After 28 days of treatment, serum activities of AST (105.60 ± 6.83; 111.00 ± 8.86 vs 83.60 ± 2.69 U/l) and ALT (73.00 ± 2.24; 81.20 ± 1.46 vs 59.40 ± 4.53 U/l) were significantly (P < 0.05) increased at both doses compared to normal untreated (Figures 1,2). However, no significant change was observed in the value of serum creatinine level in all treated groups compared to the normal group (Figure 2). After 7 days, a significant increase in the hepatic enzymes, AST (112.80 ± 7.74 vs 83.60 ± 2.69 U/l and ALT (78.60 ± 4.01 vs 59.40 ± 4.53 U/l) were observed in high dose only.

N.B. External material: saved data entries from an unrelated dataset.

(* For every positive integer $n$, the Aztec diamond $\operatorname{AD}(n)$ has no 180-cover.
   Context: A cell is a unit square $[i,i+1]\times[j,j+1]$ with $i,j\in\mathbb{Z}$, labelled $(i,j)$. The right-oriented trominoes are the translates of $\{(0,0),(1,0),(1,1)\}$ and of $\{(0,0),(0,1),(1,1)\}$; the left-oriented trominoes are the translates of $\{(0,1),(1,0),(1,1)\}$ and of $\{(0,0),(0,1),(1,0)\}$. A 180-cover of a region $R$ is a partition of $R$ into trominoes which are either all right-oriented or all left-oriented. The Aztec diamond $\operatorname{AD}(n)$ is the union of the cells $[a,a+1]\times[b,b+1]$, $a,b\in\mathbb{Z}$, lying completely inside $\{(x,y): |x|+|y|\le n+1\}$. *)

From Stdlib Require Import ZArith List.
Import ListNotations.
Open Scope Z_scope.

(* The cell [i,i+1]x[j,j+1] is labelled (i,j). *)
Definition cell : Type := (Z * Z)%type.

Inductive shape : Type := RightA | RightB | LeftA | LeftB.

Definition shape_cells (s : shape) : list cell :=
  match s with
  | RightA => [(0,0); (1,0); (1,1)]
  | RightB => [(0,0); (0,1); (1,1)]
  | LeftA  => [(0,1); (1,0); (1,1)]
  | LeftB  => [(0,0); (0,1); (1,0)]
  end.

Definition right_oriented (s : shape) : Prop := s = RightA \/ s = RightB.
Definition left_oriented (s : shape) : Prop := s = LeftA \/ s = LeftB.

Definition tromino : Type := (shape * (Z * Z))%type.

Definition in_tromino (t : tromino) (c : cell) : Prop :=
  let '(s, (a, b)) := t in
  exists d : cell, In d (shape_cells s) /\ c = (a + fst d, b + snd d).

Definition region : Type := cell -> Prop.

Definition is_180_cover (R : region) (T : tromino -> Prop) : Prop :=
  ((forall t, T t -> right_oriented (fst t)) \/
   (forall t, T t -> left_oriented (fst t))) /\
  (forall t c, T t -> in_tromino t c -> R c) /\
  (forall c, R c -> exists! t, T t /\ in_tromino t c).

Definition has_180_cover (R : region) : Prop := exists T, is_180_cover R T.

(* Aztec diamond AD(n): the cells [a,a+1]x[b,b+1] lying completely inside
   {(x,y) : |x|+|y| <= n+1}.  Since the region is convex, a unit square lies
   inside it iff its four corners do. *)
Definition in_diamond (n x y : Z) : Prop := Z.abs x + Z.abs y <= n + 1.

Definition AD (n : Z) : region := fun c =>
  let '(a, b) := c in
  in_diamond n a b /\ in_diamond n (a + 1) b /\
  in_diamond n a (b + 1) /\ in_diamond n (a + 1) (b + 1).

From Stdlib Require Import ZArith List Permutation Lia.
Open Scope Z_scope.

(* Weight a cell (a,b) by (a+b) mod 3 - 1.  The three cells of a right-oriented
   tromino lie on three consecutive antidiagonals, so every right-oriented
   tromino has total weight 0, and a right-oriented 180-cover of AD(n) would
   force the total weight of AD(n) to vanish.  Summing antidiagonal by
   antidiagonal, that total is n, 1 or -(n+1) according to n mod 3.  The
   reflection (a,b) |-> (-a-1,b) preserves AD(n) and exchanges the two
   orientations, which disposes of left-oriented covers in the same way. *)

Ltac mod_lia := Z.div_mod_to_equations; lia.

Definition sumZ (l : list Z) : Z := fold_right Z.add 0 l.

Lemma sumZ_app l1 l2 : sumZ (l1 ++ l2) = sumZ l1 + sumZ l2.
Proof. induction l1; simpl; lia. Qed.

Lemma sumZ_perm l l' : Permutation l l' -> sumZ l = sumZ l'.
Proof. induction 1; simpl; lia. Qed.

Lemma sumZ_const {A} (c : Z) (l : list A) :
  sumZ (map (fun _ => c) l) = Z.of_nat (length l) * c.
Proof.
  induction l as [|x l IH]; [reflexivity|].
  unfold sumZ in *; cbn [map fold_right length]. rewrite IH, Nat2Z.inj_succ. ring.
Qed.

Lemma sumZ_scale {A} (c : Z) (f : A -> Z) l :
  sumZ (map (fun x => c * f x) l) = c * sumZ (map f l).
Proof.
  induction l as [|x l IH]; unfold sumZ in *; simpl; [ring|]. rewrite IH. ring.
Qed.

Lemma sumZ_filter {A} (w : A -> Z) (P : A -> bool) l :
  sumZ (map w l) =
  sumZ (map w (filter P l)) + sumZ (map w (filter (fun x => negb (P x)) l)).
Proof. induction l as [|x l IH]; simpl; auto. destruct (P x); simpl; lia. Qed.

Lemma sumZ_list_prod {A B} (h : A * B -> Z) l1 l2 :
  sumZ (map h (list_prod l1 l2)) =
  sumZ (map (fun x => sumZ (map (fun y => h (x, y)) l2)) l1).
Proof.
  induction l1; simpl; auto. rewrite map_app, sumZ_app, map_map, IHl1. reflexivity.
Qed.

Lemma NoDup_list_prod {A B} (l1 : list A) (l2 : list B) :
  NoDup l1 -> NoDup l2 -> NoDup (list_prod l1 l2).
Proof.
  induction 1 as [|x l1 Hx H1 IH]; intros H2; simpl; [constructor|].
  apply NoDup_app; auto.
  - apply FinFun.Injective_map_NoDup; auto. intros y y' E; injection E; auto.
  - intros [a b] Ha Hb. apply in_map_iff in Ha as [y [E _]]. injection E as <- _.
    apply in_prod_iff in Hb. tauto.
Qed.

Section TiledSums.

Variables (A Tile : Type) (A_eq_dec : forall x y : A, {x = y} + {x <> y}).
Variables (cells : Tile -> list A) (w : A -> Z).
Hypothesis cells_NoDup : forall t, NoDup (cells t).

Definition inb (x : A) (l : list A) : bool := if in_dec A_eq_dec x l then true else false.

Compared to the low dose on day 7, AST and ALT activities increased significantly (Figures 1 and 2).
Creatinine level was not affected significantly, however, on day 28, both doses caused a 5.36 and 18.75 % increase respectively in creatinine level compared to control (Figure 3). These increases were not statistically significant.
There was a significant (P < 0.05) decrease in brain total protein in both groups treated with Benylin with codeine compared to normal untreated groups (Figure 4). Compared to Group 1, the decrease recorded in the brain total protein for both doses of Benylin was 30.87 and 57.83% respectively after 7 days. But after 28 days, both doses caused a 47.17% decrease.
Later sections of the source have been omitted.